Starting with the line containing "by case/andP: (qp l) => q0" and going on through the line containing "Lemma count_cons_eq_set (U", return the lines of the data below exactly, and only those.

_Given records_
******

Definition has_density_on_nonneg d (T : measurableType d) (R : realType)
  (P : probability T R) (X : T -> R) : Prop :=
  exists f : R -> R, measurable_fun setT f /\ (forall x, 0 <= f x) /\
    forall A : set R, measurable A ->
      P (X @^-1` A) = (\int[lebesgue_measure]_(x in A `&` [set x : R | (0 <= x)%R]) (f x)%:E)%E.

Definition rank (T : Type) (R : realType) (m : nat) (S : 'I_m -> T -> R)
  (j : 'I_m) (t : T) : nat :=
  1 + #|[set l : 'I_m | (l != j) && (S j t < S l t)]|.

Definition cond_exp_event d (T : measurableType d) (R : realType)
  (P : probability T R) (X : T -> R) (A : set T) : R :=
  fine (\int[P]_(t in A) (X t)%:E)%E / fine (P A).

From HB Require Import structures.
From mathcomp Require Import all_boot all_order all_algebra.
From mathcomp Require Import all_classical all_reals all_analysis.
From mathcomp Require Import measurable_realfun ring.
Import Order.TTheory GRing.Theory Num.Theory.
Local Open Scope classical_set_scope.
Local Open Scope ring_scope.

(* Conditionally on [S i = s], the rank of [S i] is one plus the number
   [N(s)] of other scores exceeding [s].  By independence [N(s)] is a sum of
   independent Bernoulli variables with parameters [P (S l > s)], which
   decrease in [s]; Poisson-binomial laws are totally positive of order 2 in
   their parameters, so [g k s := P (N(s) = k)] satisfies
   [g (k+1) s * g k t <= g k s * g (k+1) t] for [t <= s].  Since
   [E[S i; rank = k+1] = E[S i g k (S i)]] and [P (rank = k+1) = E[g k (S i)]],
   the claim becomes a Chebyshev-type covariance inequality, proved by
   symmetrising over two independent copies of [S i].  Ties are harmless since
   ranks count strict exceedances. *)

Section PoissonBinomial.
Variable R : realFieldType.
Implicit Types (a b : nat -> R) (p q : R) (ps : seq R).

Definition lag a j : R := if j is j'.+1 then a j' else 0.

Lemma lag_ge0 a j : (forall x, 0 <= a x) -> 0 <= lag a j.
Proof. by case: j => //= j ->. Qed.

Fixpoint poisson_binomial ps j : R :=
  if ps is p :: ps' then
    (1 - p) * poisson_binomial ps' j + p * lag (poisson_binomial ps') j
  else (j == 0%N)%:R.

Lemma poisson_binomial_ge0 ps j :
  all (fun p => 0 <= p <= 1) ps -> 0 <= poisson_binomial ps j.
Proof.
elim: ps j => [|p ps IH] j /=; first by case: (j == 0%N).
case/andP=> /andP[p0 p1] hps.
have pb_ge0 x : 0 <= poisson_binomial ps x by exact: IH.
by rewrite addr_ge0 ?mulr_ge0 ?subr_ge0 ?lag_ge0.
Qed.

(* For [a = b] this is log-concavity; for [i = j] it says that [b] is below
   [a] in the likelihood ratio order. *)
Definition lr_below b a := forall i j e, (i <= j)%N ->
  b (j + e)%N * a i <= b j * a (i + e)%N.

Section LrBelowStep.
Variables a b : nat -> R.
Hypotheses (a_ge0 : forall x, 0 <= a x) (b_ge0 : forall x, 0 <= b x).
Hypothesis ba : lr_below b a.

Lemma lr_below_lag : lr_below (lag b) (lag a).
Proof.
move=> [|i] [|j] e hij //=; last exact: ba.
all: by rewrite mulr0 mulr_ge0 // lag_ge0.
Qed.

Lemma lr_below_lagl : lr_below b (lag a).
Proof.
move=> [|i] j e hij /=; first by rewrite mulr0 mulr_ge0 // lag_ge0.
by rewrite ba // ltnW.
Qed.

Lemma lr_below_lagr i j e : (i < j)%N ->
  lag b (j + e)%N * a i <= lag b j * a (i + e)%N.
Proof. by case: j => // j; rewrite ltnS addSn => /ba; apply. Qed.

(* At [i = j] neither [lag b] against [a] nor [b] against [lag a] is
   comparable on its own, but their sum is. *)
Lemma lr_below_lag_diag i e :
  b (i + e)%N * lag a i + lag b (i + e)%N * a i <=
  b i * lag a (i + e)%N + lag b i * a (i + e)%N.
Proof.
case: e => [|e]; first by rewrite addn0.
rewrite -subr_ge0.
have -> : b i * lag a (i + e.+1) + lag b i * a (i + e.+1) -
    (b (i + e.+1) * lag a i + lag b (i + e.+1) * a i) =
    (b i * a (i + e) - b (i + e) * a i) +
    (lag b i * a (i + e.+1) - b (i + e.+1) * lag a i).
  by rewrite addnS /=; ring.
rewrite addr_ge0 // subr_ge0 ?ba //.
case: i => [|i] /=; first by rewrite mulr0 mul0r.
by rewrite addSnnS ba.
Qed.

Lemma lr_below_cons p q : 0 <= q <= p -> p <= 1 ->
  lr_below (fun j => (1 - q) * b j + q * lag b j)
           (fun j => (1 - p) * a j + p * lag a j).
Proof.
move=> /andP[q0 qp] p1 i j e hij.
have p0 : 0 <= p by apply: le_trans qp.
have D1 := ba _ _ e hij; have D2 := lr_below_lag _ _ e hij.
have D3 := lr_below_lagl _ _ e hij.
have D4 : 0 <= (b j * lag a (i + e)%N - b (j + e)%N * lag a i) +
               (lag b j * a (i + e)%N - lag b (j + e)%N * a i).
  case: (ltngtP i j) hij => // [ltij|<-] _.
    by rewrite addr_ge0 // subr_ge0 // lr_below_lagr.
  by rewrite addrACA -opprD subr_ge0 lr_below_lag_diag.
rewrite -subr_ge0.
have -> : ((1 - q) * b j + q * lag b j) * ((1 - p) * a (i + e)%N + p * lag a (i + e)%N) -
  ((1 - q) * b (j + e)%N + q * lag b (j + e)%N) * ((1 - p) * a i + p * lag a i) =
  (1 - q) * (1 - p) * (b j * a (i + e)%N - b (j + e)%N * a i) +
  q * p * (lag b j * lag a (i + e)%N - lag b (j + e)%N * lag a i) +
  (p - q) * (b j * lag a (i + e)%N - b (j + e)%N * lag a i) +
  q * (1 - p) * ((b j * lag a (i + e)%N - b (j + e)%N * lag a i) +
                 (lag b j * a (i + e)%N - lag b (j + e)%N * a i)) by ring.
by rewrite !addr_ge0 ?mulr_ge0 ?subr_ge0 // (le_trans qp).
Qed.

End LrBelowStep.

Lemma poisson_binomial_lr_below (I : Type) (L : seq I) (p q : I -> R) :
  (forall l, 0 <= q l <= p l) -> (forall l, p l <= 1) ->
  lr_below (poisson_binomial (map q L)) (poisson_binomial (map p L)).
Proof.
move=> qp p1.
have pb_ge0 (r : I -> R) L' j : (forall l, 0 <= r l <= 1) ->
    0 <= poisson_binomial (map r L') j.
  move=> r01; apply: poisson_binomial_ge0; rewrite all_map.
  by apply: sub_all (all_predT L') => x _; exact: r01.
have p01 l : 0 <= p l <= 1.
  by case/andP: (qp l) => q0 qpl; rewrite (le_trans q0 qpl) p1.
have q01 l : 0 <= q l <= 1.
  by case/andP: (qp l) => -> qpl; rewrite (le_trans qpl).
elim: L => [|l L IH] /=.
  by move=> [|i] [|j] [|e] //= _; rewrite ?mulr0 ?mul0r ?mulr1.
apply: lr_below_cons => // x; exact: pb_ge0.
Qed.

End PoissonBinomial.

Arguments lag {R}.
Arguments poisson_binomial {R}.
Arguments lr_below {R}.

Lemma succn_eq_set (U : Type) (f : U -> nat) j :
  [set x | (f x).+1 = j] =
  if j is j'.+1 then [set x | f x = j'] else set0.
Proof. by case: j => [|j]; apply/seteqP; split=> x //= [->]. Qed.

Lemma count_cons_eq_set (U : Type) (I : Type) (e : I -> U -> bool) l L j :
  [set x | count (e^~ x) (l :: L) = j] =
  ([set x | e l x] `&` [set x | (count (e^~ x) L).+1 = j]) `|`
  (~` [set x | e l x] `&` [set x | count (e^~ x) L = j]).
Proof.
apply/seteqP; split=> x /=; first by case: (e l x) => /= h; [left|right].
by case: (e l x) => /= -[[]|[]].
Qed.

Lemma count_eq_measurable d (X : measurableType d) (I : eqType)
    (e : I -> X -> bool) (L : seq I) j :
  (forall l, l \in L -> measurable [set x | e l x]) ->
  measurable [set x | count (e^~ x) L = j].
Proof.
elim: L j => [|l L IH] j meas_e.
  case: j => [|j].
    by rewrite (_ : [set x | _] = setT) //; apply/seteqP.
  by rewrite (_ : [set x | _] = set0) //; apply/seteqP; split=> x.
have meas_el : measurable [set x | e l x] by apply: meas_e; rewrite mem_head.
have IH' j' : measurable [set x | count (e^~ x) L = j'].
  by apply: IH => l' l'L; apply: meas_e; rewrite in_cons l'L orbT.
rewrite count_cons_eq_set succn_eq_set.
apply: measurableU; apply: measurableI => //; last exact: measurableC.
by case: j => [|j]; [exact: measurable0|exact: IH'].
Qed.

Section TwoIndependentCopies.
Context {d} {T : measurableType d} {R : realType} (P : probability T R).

******

_Response to the task_
  by case/andP: (qp l) => q0 qpl; rewrite (le_trans q0 qpl) p1.
have q01 l : 0 <= q l <= 1.
  by case/andP: (qp l) => -> qpl; rewrite (le_trans qpl).
elim: L => [|l L IH] /=.
  by move=> [|i] [|j] [|e] //= _; rewrite ?mulr0 ?mul0r ?mulr1.
apply: lr_below_cons => // x; exact: pb_ge0.
Qed.

End PoissonBinomial.

Arguments lag {R}.
Arguments poisson_binomial {R}.
Arguments lr_below {R}.

Lemma succn_eq_set (U : Type) (f : U -> nat) j :
  [set x | (f x).+1 = j] =
  if j is j'.+1 then [set x | f x = j'] else set0.
Proof. by case: j => [|j]; apply/seteqP; split=> x //= [->]. Qed.

Lemma count_cons_eq_set (U : Type) (I : Type) (e : I -> U -> bool) l L j :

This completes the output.